The snake sliced ​​open the toad’s body and moved its head from side to side; then he slowly inserted his head into the wound, and then took out the liver, heart, lungs and part of the gastrointestinal tract and other organs. In the second situation, on April 22, 2020, the epic battle between the Kukri snake and the toad lasted for nearly three hours; the snake attacked, retreated, and attacked again, only temporarily blocked by the protection of toad venom.

The snake finally defeated the toad, and while the toad was still breathing, it took out and swallowed its internal organs. According to a study in 2020, the Kukri snake took a different approach. Instead of taking out the toad’s internal organs, it swallowed it whole. In the fourth observation that year, on June 19, the snake learned of its toad victim and dissected its abdominal cavity to obtain organ food.

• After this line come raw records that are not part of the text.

Lemma d_inv_imp : forall a b G phi,
  deriv s (Imp a b :: G) phi -> deriv s (b :: G) phi.
Proof.
  intros a b G phi H. destruct (deriv_dh _ _ H) as [n Hn].
  eapply dh_deriv, dh_inv_imp; eauto.
Qed.

(** Every system has a right rule for negation usable with premise [a => a]:
    (n) in G3N, G3NeF and (copc) in G3CoPC, G3MPC. *)
Lemma neg_intro : forall G a b,
  deriv s (Neg a :: b :: G) a -> deriv s (Neg a :: a :: G) b ->
  deriv s (Neg a :: G) (Neg b).
Proof.
  intros G a b H1 H2. destruct (has_n s) eqn:En.
  - apply d_n with G a; auto.
  - apply d_copc with G a; auto. destruct s; simpl in *; congruence.
Qed.

Lemma d_id : forall a G, deriv s (a :: G) a.
Proof.
  induction a; intros G.
  - apply d_ax with G. perm.
  - apply d_top.
  - apply d_andl with G a1 a2; [perm |]. apply d_andr; auto.
    apply d_perm with (a2 :: a1 :: G); auto. perm.
  - apply d_orl with G a1 a2; [perm | apply d_orr1 | apply d_orr2]; auto.
  - apply d_impr. apply d_impl with (a1 :: G) a1 a2; [perm | | auto].
    apply d_perm with (a1 :: Imp a1 a2 :: G); auto. perm.
  - apply neg_intro; apply d_perm with (a :: Neg a :: G); auto; perm.
Qed.

Lemma d_in : forall a G, In a G -> deriv s G a.
Proof.
  intros a G H. apply in_split in H as (l1 & l2 & ->).
  apply d_perm with (a :: l1 ++ l2); [apply d_id | perm].
Qed.

End Structural.

(** * Admissibility of cut *)

Section Cut.
Variable s : system.

Definition cut_admissible (A : formula) : Prop :=
  forall G C, deriv s G A -> deriv s (A :: G) C -> deriv s G C.

Definition cut_admissible_at (n : nat) (A : formula) : Prop :=
  forall G, dh s n G A -> forall C, deriv s (A :: G) C -> deriv s G C.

Juvenile toads may produce less venom than adult toads, which may allow a snake observed on June 5 to safely swallow them whole; the researchers say that another possibility is that the Kukri snake has an effect on toad species Toxins are immune, but adult snakes come from the intestine anyway, because toads are too large to swallow, the researchers said, although there is not enough data to answer these questions. Brinzeau said, “We will continue to” observe and report on these amazing snakes, hoping to discover more interesting aspects of their biology,” he said. The results were published in the journal Herpetozoa on September 11. Live Science.